Hier mein Brief mit Gedanken, Tipps und Liebhabereien, Sinn und Unsinn für den Monat Mai:

Vor ein paar Tagen hatte ich Euch eine kleine Zitat-Orgie geschickt, die sich v.a. um den Begriff der Freiheit gedreht hat, lasst mich heute beginnen mit dem

 

 

politischen Gedanken des Monats

Der niederländische Historiker Rutger Bregman sagt: „Die Evolution des Menschen beruht auf Kooperation und Freundlichkeit“ und plädiert in seinem Buch Utopien für Realisten für die Ausrottung der Armut. 

 

 

 

 

Das klingt vielleicht utopisch, ist aber alles andere als unrealistisch, denn die Ausrottung der Armut ist schon lange überfällig und wie uns Jean Ziegler schon seit Jahren nahe bringt, keineswegs unmöglich. Wie kann man nachdem, was wir gerade erleben, überhaupt noch behaupten, wir könnten etwas nicht ändern? Ab heute kann man wenn, dann nur sagen, wir wollen etwas nicht ändern. Z.B. die Flüchtlingslager auf den griechischen Inseln auflösen und für diese Menschen sofort menschenwürdige Lebensbedingungen in unseren europäischen Ländern schaffen. Das ist nicht im Geringsten eine Frage der Möglichkeiten, sondern einzig und allein eine Frage des Willens. Ich weiß nicht, wie es Euch geht, aber diese ständige Anstrengung über das Elend hinwegzusehen ist doch unwürdig, oder? Warum schaffen wir das überhaupt? Sie vergiftet unsere Herzen. Wäre es nicht viel erfüllender in vielleicht bescheidenerem finanziellem Wohlstand, dafür aber im Wissen zu leben, dass niemand auf der Welt in extremer Not leben muss?


 

 

 

Essay des Monats

Charles Eisenstein schreibt: "Keines der Probleme unserer Welt ist technisch schwer zu lösen; sie rühren von der Uneinigkeit der Menschen her. Wenn die Menschheit kohärent handelt, sind ihre kreativen Kräfte grenzenlos." Ich denke, er hat recht und es geht einzig und allein darum, was wir wollen, oder was die meisten von uns wollen. Vielleicht können wir uns ja gegenseitig nicht nur mit Viren, sondern auch mit sinnvollen Wünschen anstecken. Ich wünsche mir eine Pandemie der guten Wünsche!

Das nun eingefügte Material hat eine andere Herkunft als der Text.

(* membership in ell_infinity(X): bounded sequences *)
Definition bounded_seq {X : Type} (d : X -> X -> R) (x : nat -> X) : Prop :=
  exists M, forall n m, d (x n) (x m) <= M.

(* supremum of a set of reals (0 if the set is empty or unbounded) *)
Definition Rsup (E : R -> Prop) : R :=
  match excluded_middle_informative (bound E /\ exists r, E r) with
  | left H => proj1_sig (completeness E (proj1 H) (proj2 H))
  | right _ => 0
  end.

Definition dsq {X : Type} (d : X -> X -> R) (q : R) (x y : nat -> X) : R :=
  Rsup (fun r => exists n, r = q ^ n * d (x n) (y n)).

Definition lipschitz_with {A B : Type} (P : A -> Prop) (dA : A -> A -> R)
  (dB : B -> B -> R) (g : A -> B) (K : R) : Prop :=
  0 <= K /\ forall a b, P a -> P b -> dB (g a) (g b) <= K * dA a b.

Definition is_lip_const {A B : Type} (P : A -> Prop) (dA : A -> A -> R)
  (dB : B -> B -> R) (g : A -> B) (L : R) : Prop :=
  lipschitz_with P dA dB g L /\
  forall K, lipschitz_with P dA dB g K -> L <= K.

(* L_{s,q}(f), for f : ell_infinity(X) -> X (values of f outside ell_infinity
   are irrelevant) *)
Definition is_Lsq {X : Type} (d : X -> X -> R) (q : R) (f : (nat -> X) -> X)
  (L : R) : Prop :=
  is_lip_const (bounded_seq d) (dsq d q) d f L.

Definition scons {X : Type} (a : X) (x : nat -> X) : nat -> X :=
  fun n => match n with O => a | S k => x k end.

Fixpoint gen_tilde {X : Type} (f : (nat -> X) -> X) (x : nat -> X) (k : nat)
  : nat -> X :=
  match k with
  | O => x
  | S k' => scons (f (gen_tilde f x k')) (gen_tilde f x k')
  end.

(* x^k := f(tilde x^{k-1}), k >= 1; indexed here by k' = k-1 *)
Definition gen_iter {X : Type} (f : (nat -> X) -> X) (x : nat -> X) (k : nat) : X :=
  f (gen_tilde f x k).

Definition gen_fixed_point {X : Type} (f : (nat -> X) -> X) (xs : X) : Prop :=
  f (fun _ => xs) = xs.

Definition gen_contractive_fixed_point {X : Type} (d : X -> X -> R)
  (f : (nat -> X) -> X) (xs : X) : Prop :=
  gen_fixed_point f xs /\
  forall x, bounded_seq d x -> converges_to d (gen_iter f x) xs.

(* Points of X^n are represented by sequences v : nat -> X of which only the
   entries v 0, ..., v (n-1) matter. *)
Definition fn {X : Type} (f : (nat -> X) -> X) (x : X) (n : nat)
  (v : nat -> X) : X :=
  f (fun i => if Nat.ltb i n then v i else x).

Fixpoint dmax {X : Type} (d : X -> X -> R) (n : nat) (v w : nat -> X) : R :=
  match n with
  | O => 0
  | S k => Rmax (dmax d k v w) (d (v k) (w k))
  end.

(* Restricted to sequences frozen to x from index n on, the weights q^i <= 1
   of d_{s,q} make f_n L-Lipschitz for the maximum metric, so Banach's theorem
   gives its fixed point y.  Comparing (y, ..., y, x, x, ...) with the constant
   sequence at xstar in d_{s,q}, the first n entries contribute d(y, xstar) and
   the tail at most q^n d(x, xstar); the contraction inequality
   d(y, xstar) <= L max(d(y, xstar), q^n d(x, xstar)) absorbs the first term. *)

From Stdlib Require Import Reals Lra Lia ClassicalEpsilon.
Open Scope R_scope.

Eisensteins Essay, eine aufwühlende Analyse der Corona-Krise, gibt es hier.

 

 

 

 


Gute Wünsche des Monats

Hier zwei Internetadressen unter denen Ihr die guten Wünsche bekräftigen könnt, falls es auch Eure sind: 

Petition für eine solidarische Lösung für geflüchtete Kinder und Jugendliche

Seebrücke
schafft sichere Häfen

 

 

 

 


Jetzt wirds aber Zeit für etwas Dummschwätz und den

 

 

Quatsch des Monats

Podcasts sind auf dem Vormarsch. Viele Menschen reden gern und immer mehr Menschen hören gerne zu. Die beste aller Frauen ist ab jetzt einmal pro Woche im Gespräch mit ihrem besten Freund zu hören. Die beiden können sich selbst nicht entscheiden, "ob das noch Schwachsinn ist, oder schon genial".

Entscheidet Ihr es hier auf deren Homepage.

Oder hier auf Spotify.

 

 

 

 


App des Monats

Außer mit Podcasts vertreiben sich immer mehr Menschen die Corona-Zeit damit, Sprachen zu lernen. Eine App, die beim Vokabeln lernen richtig Spaß macht, ist Lingvist.

Lernt sie hier kennen!

 

 

 

 


Mit der App kann man übrigens auch Spanisch lernen. Da fällt mir der

Witz des Monats

ein. Meist sind Kinderwitze ja nur schwer (ich will nicht sagen erträglich aber) zwerchfellreizend. Dieser, den mir unser Simon erzählt hat, hat mir hingegen sehr gefallen:

Wie heißt ein Spanier, der kein Auto besitzt?

Carlos

 

 

 

 


Spiel des Monats

Wenn man seit Wochen mit seinen Kindern regelrecht zusammen klebt, hilft es, wenn man ein paar gute Spiele zuhause hat. Bei uns wird nach dem Abendessen täglich Elfer raus Master gespielt.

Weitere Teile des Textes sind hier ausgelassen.